На углу платформы стоял парень в мятых синих шортах. Без фильтров. Без накидки из отражающей пленки. Вокруг него были расставлены проволочный кофры, над которыми вились черные мошки. Клавдию показалось, что он видел несколько золотистых ос.
— Сама смотри, — крикнул он.
— Грейс, не стоит… — начал Клавдий, предупреждающе вскинув руку.
Но она не слушала. Перемахнув через борт, она широкими гребками двигалась к платформе. Фыркала, отплевывалась от грязной воды, в которой — Клавдий видел — плавали чешуйки ржавчины и краски.
Интересно, что говорила ей Дафна.
Когда-то он тоже так мог.
Клавдий вздохнул, подпер кулаком подбородок, и стал смотреть, как Грейс пытается забраться на платформу. Альдо и не думал ей помогать, только стоял и с усмешкой смотрел сверху вниз, как она раз за разом соскальзывает в воду.
— И что это такое? — обреченно спросил он ленивые волны. — Загородный лагерь для слабоумных?
— Поль Волански привлекает молодежь к исследовательской деятельности, — раздался голос у него за спиной. — Тех, у кого много штрафов. У нас есть программа с обоснованием терапевтической ценности грязной воды, солнца и плотов с шалашами из говна и арматуры.
Клавдий не стал оборачиваться. Он чувствовал затылком взгляд прозрачных красных глаз, и это чувство казалось ему привычным.
Абра ткнулась носом в борт платформы.
— Называется «Сад-без-ограды». Это я предложила Полю. Почти горжусь этим, да.
Грейс наконец-то смогла взобраться на платформу. Сорвала крышку с ближайшего кофра, выхватила что-то круглое, желтое и покрытое брызгами темных пятен. Несколько секунд рассматривала, а потом на ее лице растеклась счастливая, совершенно дурацкая улыбка.
— На кой хер тебе гнилые персики, Грейс? — брезгливо спросил Альдо, отмахиваясь от разозленной осы.

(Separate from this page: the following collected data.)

(* v is a cyclic vector of g J g^-1 iff its last coordinate in the basis g is
   non-zero; both properties are read on the last Krylov vector. *)
Lemma conj_jordan_top (g : 'M[C]_N) (v : 'cV[C]_N) : g \in unitmx ->
  (iter n (mulmx (cj g J)) v != 0) = ((invmx g *m v) ord_max 0 != 0).
Proof.
move=> ug; rewrite iter_conjmx // jordan_iter_top mulmx_unit_eq0 // scaler_eq0.
have -> : (delta_mx 0 0 == 0 :> 'cV[C]_N) = false.
  by apply/negP => /eqP/matrixP/(_ 0 0); rewrite !mxE eqxx; apply/eqP/oner_neq0.
by rewrite orbF.
Qed.

Lemma conj_jordan_nilpotent (g : 'M[C]_N) (v : 'cV[C]_N) : g \in unitmx ->
  iter N (mulmx (cj g J)) v = 0.
Proof. by move=> ug; rewrite iter_conjmx // jordan_nilpotent mulmx0. Qed.

Lemma krylov_conj_jordan_unit (g : 'M[C]_N) (v : 'cV[C]_N) : g \in unitmx ->
  (invmx g *m v) ord_max 0 != 0 -> krylov (cj g J) v \in unitmx.
Proof.
move=> ug Hv; rewrite krylov_conjmx // unitmx_mul ug unitmxE.
by rewrite det_krylov_jordan unitfE expf_neq0.
Qed.

Lemma krylov_similar (A B : 'M[C]_N) (w : 'cV[C]_N) :
  iter N (mulmx A) w = 0 -> iter N (mulmx B) w = 0 ->
  krylov A w \in unitmx -> krylov B w \in unitmx ->
  exists2 p, stabP w p & B = cj p A.
Proof.
move=> AN0 BN0 uKA uKB.
have conjK M : iter N (mulmx M) w = 0 -> krylov M w \in unitmx ->
    M = cj (krylov M w) J.
  by move=> MN0 uKM; rewrite conjmxE -krylov_intertwines // mulmxK.
exists (krylov B w *m invmx (krylov A w)).
  split; first by rewrite unitmx_mul uKB unitmx_inv.
  rewrite -[X in _ *m X = _](krylov_last_col A w) mulmxA mulmxKV //.
  exact: krylov_last_col.
rewrite -conjmxM ?unitmx_inv // {2}(conjK A) // conjmxK //.
exact: conjK.
Qed.

End Krylov.

Section CyclicOrbit.
Variables (C : numClosedFieldType) (n : nat).
Local Notation N := n.+1.
Local Notation J := (nilJordan C N).
Local Notation cj := (@Defs.conjmx C N).
Variables (v0 : 'cV[C]_N) (g : 'M[C]_N).
Hypotheses (ug : g \in unitmx) (v0_cyclic : (invmx g *m v0) ord_max 0 != 0).
Local Notation X := (cj g J).

Lemma P_orbit_jordan (k : 'M[C]_N) : k \in unitmx ->
  (invmx k *m v0) ord_max 0 != 0 -> P_orbit v0 X (cj k J).
Proof.
by move=> uk Hk; apply: krylov_similar;
  rewrite ?conj_jordan_nilpotent ?krylov_conj_jordan_unit.
Qed.

Lemma P_orbit_cyclic (B : 'M[C]_N) :
  P_orbit v0 X B <-> GL_orbit X B /\ iter n (mulmx B) v0 != 0.
Proof.
split=> [[p [up pv0] ->] | [[q uq ->]]].
  have pv0' : invmx p *m v0 = v0 by rewrite -{1}pv0 mulKmx.
  split; first by exists p.
  by rewrite iter_conjmx // pv0' mulmx_unit_eq0 // conj_jordan_top.
have uqg : q *m g \in unitmx by rewrite unitmx_mul uq.
rewrite conjmxM // conj_jordan_top // => Hqg.
exact: P_orbit_jordan.
Qed.

End CyclicOrbit.

Section Lipschitz.
Variables (C : numClosedFieldType) (n : nat).
Local Notation N := n.+1.

Definition loc_lipschitz (F : 'M[C]_N -> C) (A : 'M[C]_N) : Prop :=
  exists2 L : C, 0 <= L & forall d B, 0 < d -> d <= 1 -> mx_close d B A ->
    `|F B - F A| <= L * d.

Lemma lipschitz_const c A : loc_lipschitz (fun _ => c) A.
Proof. by exists 0 => // d B _ _ _; rewrite subrr normr0 mul0r. Qed.

Lemma lipschitz_entry i j A : loc_lipschitz (fun B => B i j) A.
Proof. by exists 1 => // d B _ _ H; rewrite mul1r ltW. Qed.

Lemma lipschitz_ext F G A : (forall B, F B = G B) ->
  loc_lipschitz F A -> loc_lipschitz G A.
Proof. by move=> FG [L L0 HF]; exists L => // d B d0 d1 HB; rewrite -!FG HF. Qed.

Lemma lipschitz_add F G A : loc_lipschitz F A -> loc_lipschitz G A ->
  loc_lipschitz (fun B => F B + G B) A.
Proof.
move=> [LF LF0 HF] [LG LG0 HG]; exists (LF + LG); first exact: addr_ge0.
move=> d B d0 d1 H; rewrite opprD addrACA mulrDl.
by apply: le_trans (ler_normD _ _) _; apply: lerD; [apply: HF | apply: HG].
Qed.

— Я сделаю… из них… самогон! — с нежностью выдохнула она.
— Очень терапевтически, — заметил Клавдий.
— Зато у нас субсидии и лояльная система начисления рейтингов, — равнодушно отозвалась помощница Поля Волански. — А самогон не маркируется официально, и его можно без штрафов выпить больше, чем алкоголя аналогичной крепости.
— Это ты за мной следила? — прямо спросил Клавдий.
Грейс уже волокла кофры к центру платформы. Даже не обернулась.
— Да.
Он все-таки на нее посмотрел. Странно было ждать от нее каких-то эмоций — частные помощники редко достоверно их имитировали. Поэтому Клавдий когда-то и отказался от посторонних персонажей, принимая Дафну как неизбежное зло — просто однажды понял, что не видит между ними разницы. У них разные лица и разные голоса. Кто-то больше похож на человека, кто-то меньше, но никто из них не человек.
И все же ему хотелось, чтобы помощница Поля смутилась.
— Зачем?
— Люблю смотреть, как люди ходят по дому. Помогает справиться с нереализованным стрессом.
— Я ведь могу заставить тебя отвечать, — вздохнул он.
Клавдий терпеть не мог разговаривать с чужими помощниками. Начинал говорить, будто перед ним человек, ловил себя на этом и раздражался.
Вот и сейчас.
— Не можешь. У меня нет большей части базовых ограничений. Видишь огоньки?
Он обернулся. От борта платформы действительно зажглась цепочка мигающих указателей.
— Вылезай из лодки и по ним иди, — мрачно сказала она. — Поль тебя ждет. Можешь вплавь, как эта дура, но вообще-то там ступеньки.
Клавдий все больше жалел, что приехал сюда. В конце концов, он разобрался бы сам.
Ему ведь однажды удалось. Если бы остались живы его покровители, если бы у него хватило ума держаться, если только…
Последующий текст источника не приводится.